The lines from the start of the data through the line containing "- by rewrite sub0e EFinN oppeK mul1r." are to be reproduced exactly, both ends included.

*** Opening of Exercise material ***

Lemma integral_sqr_sub1_phi_1y :
  \int[mu]_(x in `[1%R, +oo[) ((x ^+ 2 - 1) * phi x)%:E = (phi 1)%:E.
Proof.
have dF (x : R) : is_derive x 1%R (fun u => - (u * phi u))%R ((x ^+ 2 - 1) * phi x)%R.
  by have := is_derive_mulphi x => ?; apply: is_derive_eq; rewrite -mulNr opprB.
rewrite (@ge0_continuous_FTC2y _ _ (fun u => - (u * phi u))%R 1 0).
- by rewrite sub0e EFinN oppeK mul1r.
- by move=> x x1; rewrite mulr_ge0 ?phi_ge0 // subr_ge0; nra.
- apply/continuous_subspaceT/continuous_mulphil => x.
  by apply: cvgB; [exact: exprn_continuous | exact: cvg_cst].
- by rewrite -oppr0; apply: cvgN; exact: mulphi_cvgy.
- by move=> x _; have [] := dF x.
- by apply: cvg_at_right_filter; apply: cvgN; exact: continuous_mulphi.
- by move=> x _; rewrite derive1E; have [_ ->] := dF x.
Qed.

Lemma integral_1_sub_sqr_phi_01 :
  \int[mu]_(x in `[0%R, 1%R]) ((1 - x ^+ 2) * phi x)%:E = (phi 1)%:E.
Proof.
rewrite (@continuous_FTC2 _ _ (fun u => u * phi u)%R) //.
- by rewrite mul1r mul0r sube0.
- apply/continuous_subspaceT/continuous_mulphil => x.
  by apply: cvgB; [exact: cvg_cst | exact: exprn_continuous].
- split.
  + by move=> x _; have [] := is_derive_mulphi x.
  + by apply: cvg_at_right_filter; exact: continuous_mulphi.
  + by apply: cvg_at_left_filter; exact: continuous_mulphi.
- by move=> x _; rewrite derive1E; have [_ ->] := is_derive_mulphi x.
Qed.

Lemma continuous_sqr_phi : continuous (fun x : R => x ^+ 2 * phi x)%R.
Proof. by apply: continuous_mulphil => x; exact: exprn_continuous. Qed.

(* Integrate (1 - u^2) phi u = (u phi u)' separately on [0, 1] and [1, +oo[,
   where it keeps a constant sign. *)
Lemma integral_sqr_phi_half :
  \int[mu]_(x in `[0%R, +oo[) (x ^+ 2 * phi x)%:E = (2^-1)%:E.
Proof.
have sqr_phi_ge0 (x : R) : (0 <= x ^+ 2 * phi x)%R by rewrite mulr_ge0 ?sqr_ge0 ?phi_ge0.
have c_sqr_sub1 : continuous (fun x : R => x ^+ 2 - 1)%R.
  by move=> x; apply: cvgB; [exact: exprn_continuous | exact: cvg_cst].
have c_1_sub_sqr : continuous (fun x : R => 1 - x ^+ 2)%R.
  by move=> x; apply: cvgB; [exact: cvg_cst | exact: exprn_continuous].
have tail : \int[mu]_(x in `[1%R, +oo[) (x ^+ 2 * phi x)%:E =
    (phi 1)%:E + \int[mu]_(x in `[1%R, +oo[) (phi x)%:E.
  rewrite -integral_sqr_sub1_phi_1y.
  rewrite -(@ge0_integralD_continuous _ _ _ _ _
    (continuous_mulphil _ c_sqr_sub1) continuous_phi) //=.
  - by apply: eq_integral => x _; rewrite mulrBl mul1r subrK.
  - move=> x; rewrite in_itv /= andbT => x1.
    by rewrite mulr_ge0 ?phi_ge0 // subr_ge0; nra.
  - by move=> x _; exact: phi_ge0.
have head : \int[mu]_(x in `[0%R, 1%R]) (phi x)%:E =
    (phi 1)%:E + \int[mu]_(x in `[0%R, 1%R]) (x ^+ 2 * phi x)%:E.
  rewrite -integral_1_sub_sqr_phi_01.
  rewrite -(@ge0_integralD_continuous _ _ _ _ _
    (continuous_mulphil _ c_1_sub_sqr) continuous_sqr_phi) //=.
  - by apply: eq_integral => x _; rewrite mulrBl mul1r subrK.
  - move=> x; rewrite in_itv /= => /andP[x0 x1].
    by rewrite mulr_ge0 ?phi_ge0 // subr_ge0; nra.
rewrite -integral_phi_half.
rewrite (@ge0_integral_itv_split _ _ _ _ 1%R _ _ continuous_sqr_phi) ?bnd_simp //.
rewrite (@ge0_integral_itv_split _ _ _ _ 1%R _ _ continuous_phi phi_ge0) ?bnd_simp //.
by rewrite tail head addeA (addeC _ (phi 1)%:E).
Qed.

End gaussian_integrals.

Section second_moments_about_a_point.
Context {R : realType}.
Notation mu := (@lebesgue_measure R).

Definition sqdev_phi (t u : R) : R := (u - t) ^+ 2 * phi u.

Lemma sqdev_phi_ge0 t u : 0 <= sqdev_phi t u.
Proof. by rewrite mulr_ge0 ?sqr_ge0 ?phi_ge0. Qed.

Lemma continuous_sqdev_phi t : continuous (sqdev_phi t).
Proof.
apply: continuous_mulphil => x.
apply: (cvg_comp (fun x => x - t) (fun x => x ^+ 2)); last exact: sqr_continuous.
by apply: (@cvgB _ R^o); [exact: cvg_id | exact: cvg_cst].
Qed.

Local Open Scope ereal_scope.

Lemma integral_sqdev_phi_0y t : (0 <= t)%R ->
  \int[mu]_(x in `[0%R, +oo[) (sqdev_phi t x)%:E =
  (2^-1 + t ^+ 2 / 2 - 2 * t * phi 0)%:E.
Proof.
move=> t0.
have : \int[mu]_(x in `[0%R, +oo[) (1 * sqdev_phi t x + (2 * t) * (x * phi x))%:E =
       \int[mu]_(x in `[0%R, +oo[) (1 * (x ^+ 2 * phi x) + t ^+ 2 * phi x)%:E.
  by apply: eq_integral => x _; rewrite /sqdev_phi; congr EFin; ring.
rewrite (@ge0_integralD_scaled _ _ _ _ 1%R (2 * t)%R _
  (continuous_sqdev_phi t) continuous_mulphi) //=; last 3 first.
- by move=> x _; exact: sqdev_phi_ge0.
- by move=> x; rewrite in_itv /= andbT => x0; rewrite mulr_ge0 ?phi_ge0.
- by rewrite mulr_ge0.
rewrite (@ge0_integralD_scaled _ _ _ _ 1%R (t ^+ 2)%R _
  continuous_sqr_phi continuous_phi) //=; last 3 first.
- by move=> x _; rewrite mulr_ge0 ?sqr_ge0 ?phi_ge0.
- by move=> x _; exact: phi_ge0.
- exact: sqr_ge0.
rewrite !mul1e integral_mulphi integral_sqr_phi_half integral_phi_half -EFinM.
by move=> /(congr1 (fun v => v - (2 * t * phi 0)%:E)); rewrite addeK // => ->.
Qed.
(* Let $\widetilde L$ be a standardized Laplacian matrix of order $n$, $P=\widetilde L+J$, $\widetilde L_c=K-\widetilde L$. Let $d$ be the in-forest dimension of the digraph $\Gamma$ of $\widetilde L$ and $d_c$ the in-forest dimension of the complementary digraph $\Gamma_c$. For a matrix $A$ let $m_A(\lambda)$ be the algebraic multiplicity of $\lambda$ as an eigenvalue of $A$ (zero if $\lambda\notin\operatorname{sp}A$) and $V_A(\lambda)$ the eigenspace of $A$ for $\lambda$. Then: (i) $m_{\widetilde L}(0)=d$, $m_{\widetilde L}(1)=d_c-1$; (ii) $m_P(0)=d-1$, $m_P(1)=d_c$; (iii) $m_{\widetilde L_c}(1)=d-1$, $m_{\widetilde L_c}(0)=d_c$; and each of these eigenvalues (whenever its multiplicity is positive) is semisimple; (iv) if $v\in V_{\widetilde L}(0)$ and $Kv\ne0$, then $Kv\in V_P(0)=V_{\widetilde L_c}(1)$; if $x\in V_P(1)=V_{\widetilde L_c}(0)$ and $Kx\ne0$, then $Kx\in V_{\widetilde L}(1)$.
   Context: A standardized Laplacian matrix of order $n$ is a real $n\times n$ matrix whose row sums are all $0$ and whose off-diagonal entries are nonpositive with absolute value at most $1/n$. $J$ is the $n\times n$ matrix with all entries $1/n$, and $K=I-J$. The digraph $\Gamma$ of $\widetilde L=[\widetilde l_{ij}]$ has vertex set $\{1,\dots,n\}$ and an arc $i\to j$ ($j\ne i$) iff $\widetilde l_{ij}\ne0$; the complementary digraph $\Gamma_c$ has an arc $i\to j$ ($j\ne i$) iff $\widetilde l_{ij}\ne-1/n$ (it is the digraph of $\widetilde L_c$). A converging tree is a rooted directed tree containing a directed path from every vertex to the root; an in-forest of a digraph is a spanning subgraph whose weak components are converging trees; the in-forest dimension is the minimum number of trees in an in-forest. *)

From HB Require Import structures.
From mathcomp Require Import all_boot all_order all_algebra.
Set Implicit Arguments. Unset Strict Implicit. Unset Printing Implicit Defensive.
Import Order.TTheory GRing.Theory Num.Theory.
Local Open Scope ring_scope.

*** Close of Exercise material ***

_Response to the exercise_:
Lemma integral_sqr_sub1_phi_1y :
  \int[mu]_(x in `[1%R, +oo[) ((x ^+ 2 - 1) * phi x)%:E = (phi 1)%:E.
Proof.
have dF (x : R) : is_derive x 1%R (fun u => - (u * phi u))%R ((x ^+ 2 - 1) * phi x)%R.
  by have := is_derive_mulphi x => ?; apply: is_derive_eq; rewrite -mulNr opprB.
rewrite (@ge0_continuous_FTC2y _ _ (fun u => - (u * phi u))%R 1 0).
- by rewrite sub0e EFinN oppeK mul1r.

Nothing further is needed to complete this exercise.